Víctor se quedó helado. Por un momento su mente se llenó de pavorosas imágenes.
—¡Maldita vieja bruja! —gritó—. ¡No se atreva a tocarlos! ¡No se meta con mi familia!
—Claro que no lo haré; ellos a mí no me importan. Siempre y cuando te estés quietecito en tu puesto hasta que todo esto termine —advirtió la anciana inexpresiva.
—¡Maldita arpía! —gritó de nuevo Víctor. Tuvo que reprimir el impulso de acabar de soltarse, rodear el foso, agarrar a la vieja y matarla con sus propias manos. Los ojos le escocieron. Quería llorar de rabia, de dolor, de impotencia. Su familia era todo para él, y el sólo hecho de pensar en que alguien pudiera hacerles daño lo estremecía.

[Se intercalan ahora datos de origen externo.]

(* Let $(\mathbb{X},\oplus,\otimes,\mathbb{0},\mathbb{1})$ be a linearly ordered, algebraically complete idempotent semifield, and let $\bm{A}\in\mathbb{X}^{n\times n}$ be a matrix such that the matrix $\bm{B}=\bm{A}\oplus\bm{A}^{-}$ has no zero entries. Let $\mu$ be the spectral radius of $\bm{B}$ and $\bm{B}_{\mu}=\mu^{-1}\bm{B}$. Consider the problem of minimizing $d(\bm{A},\bm{x}\bm{x}^{-})$ over all regular vectors $\bm{x}=(x_j)\in\mathbb{X}^{n}$ (i.e. $x_j>\mathbb{0}$ for $j=1,\ldots,n$). Then the minimum value of this problem equals $\mu$, and the set of all solutions is $\{\bm{x}=\bm{B}_{\mu}^{\ast}\bm{u} : \bm{u}\in\mathbb{X}^n,\ \bm{u}\neq\bm{0}\}$.
   Context: An idempotent semifield is a set $\mathbb{X}$ with associative, commutative operations $\oplus$ (addition) and $\otimes$ (multiplication, usually omitted in writing) with neutral elements $\mathbb{0}$ and $\mathbb{1}$, multiplication distributing over addition, idempotent addition ($x\oplus x=x$), and every nonzero $x$ having an inverse $x^{-1}$ with $xx^{-1}=\mathbb{1}$. It is assumed linearly ordered by the order $x\le y \iff x\oplus y=y$, and algebraically complete: $x^p=a$ is solvable for every $a$ and integer $p>0$, so rational powers are defined. (Examples: $(\mathbb{R}_{>0}\cup\{0\},\max,\times,0,1)$ and $(\mathbb{R}\cup\{-\infty\},\max,+,-\infty,0)$.) Matrix and vector addition and multiplication are defined by the usual formulas with $\oplus,\otimes$ in place of $+,\times$; $\bm{0}$ is the zero vector; a vector is regular if it has no zero entries. For a nonzero column vector $\bm{x}=(x_i)$, $\bm{x}^{-}$ is the row vector with entries $x_i^{-1}$ if $x_i\ne\mathbb{0}$ and $\mathbb{0}$ otherwise. For a nonzero matrix $\bm{A}=(a_{ij})$, $\bm{A}^{-}=(a^{-}_{ij})$ with $a^{-}_{ij}=a_{ji}^{-1}$ if $a_{ji}\neq\mathbb{0}$ and $\mathbb{0}$ otherwise. The trace is $\mathrm{tr}\,\bm{A}=a_{11}\oplus\cdots\oplus a_{nn}$. The distance between square matrices is $d(\bm{A},\bm{B})=\mathrm{tr}(\bm{B}^{-}\bm{A})\oplus\mathrm{tr}(\bm{A}^{-}\bm{B})$. $\bm{I}$ is the identity matrix ($\mathbb{1}$ on the diagonal, $\mathbb{0}$ elsewhere), $\bm{A}^0=\bm{I}$, $\bm{A}^p=\bm{A}^{p-1}\bm{A}$. The spectral radius of $\bm{A}\in\mathbb{X}^{n\times n}$ is $\lambda=\bigoplus_{k=1}^{n}\mathrm{tr}^{1/k}(\bm{A}^k)=\bigoplus_{k=1}^{n}\bigoplus_{1\le i_1,\ldots,i_k\le n}(a_{i_1i_2}a_{i_2i_3}\cdots a_{i_ki_1})^{1/k}$. For a square matrix $\bm{M}$ of order $n$, $\bm{M}^{\ast}=\bm{I}\oplus\bm{M}\oplus\cdots\oplus\bm{M}^{n-1}$. *)

From mathcomp Require Import all_boot.
Set Implicit Arguments. Unset Strict Implicit. Unset Printing Implicit Defensive.

(* A linearly ordered, algebraically complete idempotent semifield.
   [inv] is total; its value at zero is fixed to zero (a harmless convention,
   any semifield admits such a total inverse).  [root p a] is a solution of
   x^p = a (p > 0), provided as data (algebraic completeness). *)
Record isemifield := ISemifield {
  car :> Type;
  szero : car;
  sone : car;
  sadd : car -> car -> car;
  smul : car -> car -> car;
  sinv : car -> car;
  sroot : nat -> car -> car;
  saddA : forall x y z, sadd x (sadd y z) = sadd (sadd x y) z;
  saddC : forall x y, sadd x y = sadd y x;
  sadd0 : forall x, sadd szero x = x;
  smulA : forall x y z, smul x (smul y z) = smul (smul x y) z;
  smulC : forall x y, smul x y = smul y x;
  smul1 : forall x, smul sone x = x;
  smulDl : forall x y z, smul (sadd x y) z = sadd (smul x z) (smul y z);
  smul0 : forall x, smul szero x = szero;
  sone_neq0 : sone <> szero;
  saddid : forall x, sadd x x = x;
  smulV : forall x, x <> szero -> smul x (sinv x) = sone;
  sinv0 : sinv szero = szero;
  (* linear order: x <= y iff x + y = y *)
  slinear : forall x y, sadd x y = x \/ sadd x y = y;
  sroot_spec : forall (p : nat) (a : car), 0 < p ->
      iter p (smul (sroot p a)) sone = a
}.

Section Ops.
Variable X : isemifield.
Variable n : nat.

Definition sle (x y : X) : Prop := sadd x y = y.

Definition mx := 'I_n -> 'I_n -> X.
Definition vec := 'I_n -> X.

Definition vzero : vec := fun _ => szero X.

Definition mxadd (A B : mx) : mx := fun i j => sadd (A i j) (B i j).
Definition mxmul (A B : mx) : mx :=
  fun i j => \big[@sadd X/szero X]_(k < n) smul (A i k) (B k j).
Definition mxvmul (A : mx) (x : vec) : vec :=
  fun i => \big[@sadd X/szero X]_(k < n) smul (A i k) (x k).
Definition mxscale (c : X) (A : mx) : mx := fun i j => smul c (A i j).
Definition mxI : mx := fun i j => if i == j then sone X else szero X.
Definition mxpow (A : mx) (p : nat) : mx := iter p (fun M => mxmul M A) mxI.
Definition mxtr (A : mx) : X := \big[@sadd X/szero X]_(i < n) A i i.

Definition mxpinv (A : mx) : mx := fun i j => sinv (A j i).
Definition outer_pinv (x : vec) : mx := fun i j => smul (x i) (sinv (x j)).

Definition mxdist (A B : mx) : X :=
  sadd (mxtr (mxmul (mxpinv B) A)) (mxtr (mxmul (mxpinv A) B)).

Definition spec_rad (A : mx) : X :=
  \big[@sadd X/szero X]_(k < n) sroot k.+1 (mxtr (mxpow A k.+1)).

Definition mxstar (M : mx) : mx :=
  fun i j => \big[@sadd X/szero X]_(k < n) mxpow M k i j.

Definition regular (x : vec) : Prop := forall j, x j <> szero X.

End Ops.

(* For a regular vector x, d(A, x x^-) <= r holds exactly when B x <= r x
   entrywise, so the problem asks for the least r admitting a regular
   subeigenvector of B.  A regular subeigenvector for r forces tr(B^k) <= r^k,
   hence mu <= r.  Conversely B_mu has no cycle of weight above 1, so by
   shortening walks every power B_mu^k with k <= n is dominated by B_mu^*;
   therefore B_mu^* u is a subeigenvector of B for mu, regular because B has
   no zero entries.  Finally, a solution x satisfies B_mu x <= x, so
   B_mu^k x <= x for all k and x = B_mu^* x. *)
From Stdlib Require Import Ring Classical FunctionalExtensionality Lia.
From mathcomp Require Import all_boot zify.
Set Implicit Arguments. Unset Strict Implicit. Unset Printing Implicit Defensive.

Section Semifield.
Variable X : isemifield.

Lemma isemifield_ring : semi_ring_theory (szero X) (sone X) (@sadd X) (@smul X) eq.
Proof.
constructor; [exact: sadd0 | exact: saddC | exact: saddA | exact: smul1
             | exact: smul0 | exact: smulC | exact: smulA | exact: smulDl].
Qed.
Add Ring isemifield_ring : isemifield_ring.

Local Notation "a ⊕ b" := (sadd a b) (at level 50, left associativity).
Local Notation "a ⊗ b" := (smul a b) (at level 40, left associativity).
Local Notation "a ≼ b" := (sle a b) (at level 70).
Local Notation z0 := (szero X).
Local Notation e1 := (sone X).
Implicit Types a b c d r y : X.

Lemma sle_refl a : a ≼ a. Proof. exact: saddid. Qed.

Lemma sle_trans a b c : a ≼ b -> b ≼ c -> a ≼ c.
Proof. by rewrite /sle => h1 h2; rewrite -h2 saddA h1. Qed.

Lemma sle_anti a b : a ≼ b -> b ≼ a -> a = b.
Proof. by rewrite /sle => h1 h2; rewrite -h1 -{1}h2 saddC. Qed.

Lemma sle_total a b : a ≼ b \/ b ≼ a.
Proof. by rewrite /sle; case: (slinear a b) => h; [right; rewrite saddC | left]. Qed.

Lemma sle0x a : z0 ≼ a. Proof. exact: sadd0. Qed.

Lemma sle0_eq0 a : a ≼ z0 -> a = z0.
Proof. by rewrite /sle => h; rewrite -h saddC sadd0. Qed.

Lemma sle_addl a b : a ≼ a ⊕ b. Proof. by rewrite /sle saddA saddid. Qed.

Lemma sle_addr a b : b ≼ a ⊕ b. Proof. by rewrite saddC; apply: sle_addl. Qed.

Lemma sle_add_lub a b c : a ≼ c -> b ≼ c -> a ⊕ b ≼ c.
Proof. by rewrite /sle => h1 h2; rewrite -saddA h2 h1. Qed.

Lemma sle_mul2r a b c : a ≼ b -> a ⊗ c ≼ b ⊗ c.
Proof. by rewrite /sle => h; rewrite -smulDl h. Qed.

Lemma sle_mul2l a b c : a ≼ b -> c ⊗ a ≼ c ⊗ b.
Proof. by rewrite !(smulC c); apply: sle_mul2r. Qed.

Lemma sle_mul a b c d : a ≼ b -> c ≼ d -> a ⊗ c ≼ b ⊗ d.
Proof. by move=> h1 h2; apply: sle_trans (sle_mul2r c h1) (sle_mul2l b h2). Qed.

Lemma sle_add a b c d : a ≼ b -> c ≼ d -> a ⊕ c ≼ b ⊕ d.
Proof.
move=> h1 h2; apply: sle_add_lub.
- exact: sle_trans h1 (sle_addl _ _).
- exact: sle_trans h2 (sle_addr _ _).
Qed.

Lemma smulr1 a : a ⊗ e1 = a. Proof. by rewrite smulC smul1. Qed.

Lemma smulr0 a : a ⊗ z0 = z0. Proof. by rewrite smulC smul0. Qed.

Lemma smulVl a : a <> z0 -> sinv a ⊗ a = e1. Proof. by move=> h; rewrite smulC smulV. Qed.

Lemma smul_neq0 a b : a <> z0 -> b <> z0 -> a ⊗ b <> z0.
Proof. by move=> ha hb e; apply: hb; rewrite -[b]smul1 -(smulVl ha) -smulA e smulr0. Qed.

Lemma sinv_neq0 a : a <> z0 -> sinv a <> z0.
Proof. by move=> ha e; apply: (@sone_neq0 X); rewrite -(smulV ha) e smulr0. Qed.

Lemma sle_neq0 a b : a ≼ b -> a <> z0 -> b <> z0.
Proof. by move=> h ha e; apply: ha; apply: sle0_eq0; rewrite -e. Qed.

Lemma sle_pmul2r_cancel a b c : c <> z0 -> a ⊗ c ≼ b ⊗ c -> a ≼ b.
Proof. by move=> hc /(sle_mul2r (sinv c)); rewrite -!smulA smulV // !smulr1. Qed.

Lemma sinvM a b : a <> z0 -> b <> z0 -> sinv (a ⊗ b) = sinv a ⊗ sinv b.
Proof.
move=> ha hb; have hab := smul_neq0 ha hb.
transitivity (sinv (a ⊗ b) ⊗ ((a ⊗ sinv a) ⊗ (b ⊗ sinv b))).
  by rewrite !smulV // smul1 smulr1.
transitivity ((a ⊗ b ⊗ sinv (a ⊗ b)) ⊗ (sinv a ⊗ sinv b)); first ring.
by rewrite smulV // smul1.
Qed.

Lemma sinvK a : sinv (sinv a) = a.
Proof.
have [->|ha] := classic (a = z0); first by rewrite !sinv0.
transitivity ((a ⊗ sinv a) ⊗ sinv (sinv a)); first by rewrite smulV // smul1.
by rewrite -smulA smulV ?smulr1 //; apply: sinv_neq0.
Qed.

Definition spow y k := iter k (smul y) e1.
Arguments spow : simpl never.

Lemma spowS y k : spow y k.+1 = y ⊗ spow y k. Proof. by []. Qed.

Lemma spow_sroot p a : 0 < p -> spow (sroot p a) p = a.
Proof. exact: sroot_spec. Qed.

Lemma sroot1 a : sroot 1 a = a.
Proof. by rewrite -[RHS](spow_sroot a (ltn0Sn 0)) spowS smulr1. Qed.

Lemma spowMn a b k : spow (a ⊗ b) k = spow a k ⊗ spow b k.
Proof. by elim: k => [|k IH]; rewrite ?smul1 // !spowS IH; ring. Qed.

Lemma spow1n k : spow e1 k = e1.
Proof. by elim: k => [//|k IH]; rewrite spowS IH smul1. Qed.

Lemma sle_spow a b k : a ≼ b -> spow a k ≼ spow b k.
Proof. by move=> h; elim: k => [|k IH]; [apply: sle_refl | apply: sle_mul]. Qed.

Lemma spow_neq0 a k : a <> z0 -> spow a k <> z0.
Proof. by move=> h; elim: k => [|k IH]; [apply: sone_neq0 | apply: smul_neq0]. Qed.

Lemma sle_spow_ge1 a k : e1 ≼ a -> 0 < k -> a ≼ spow a k.
Proof.
move=> h; case: k => // k _; rewrite spowS -{1}(smulr1 a); apply: sle_mul2l.
by elim: k => [|k IH]; [apply: sle_refl | rewrite spowS -(smul1 e1); apply: sle_mul].
Qed.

Respiró profundo e intentó calmarse.
Alcides esperó para asegurarse de que Víctor acatara las órdenes de la anciana, luego terminó de soltarlo y volvió a su asiento.
—¿Te estarás quieto entonces? —preguntó la anciana.
Víctor le dedicó una fría mirada por respuesta.
—Bueno, tomaré eso como un sí. Alberto… —dijo entonces dirigiéndose al líder de la Familia Ricaurte.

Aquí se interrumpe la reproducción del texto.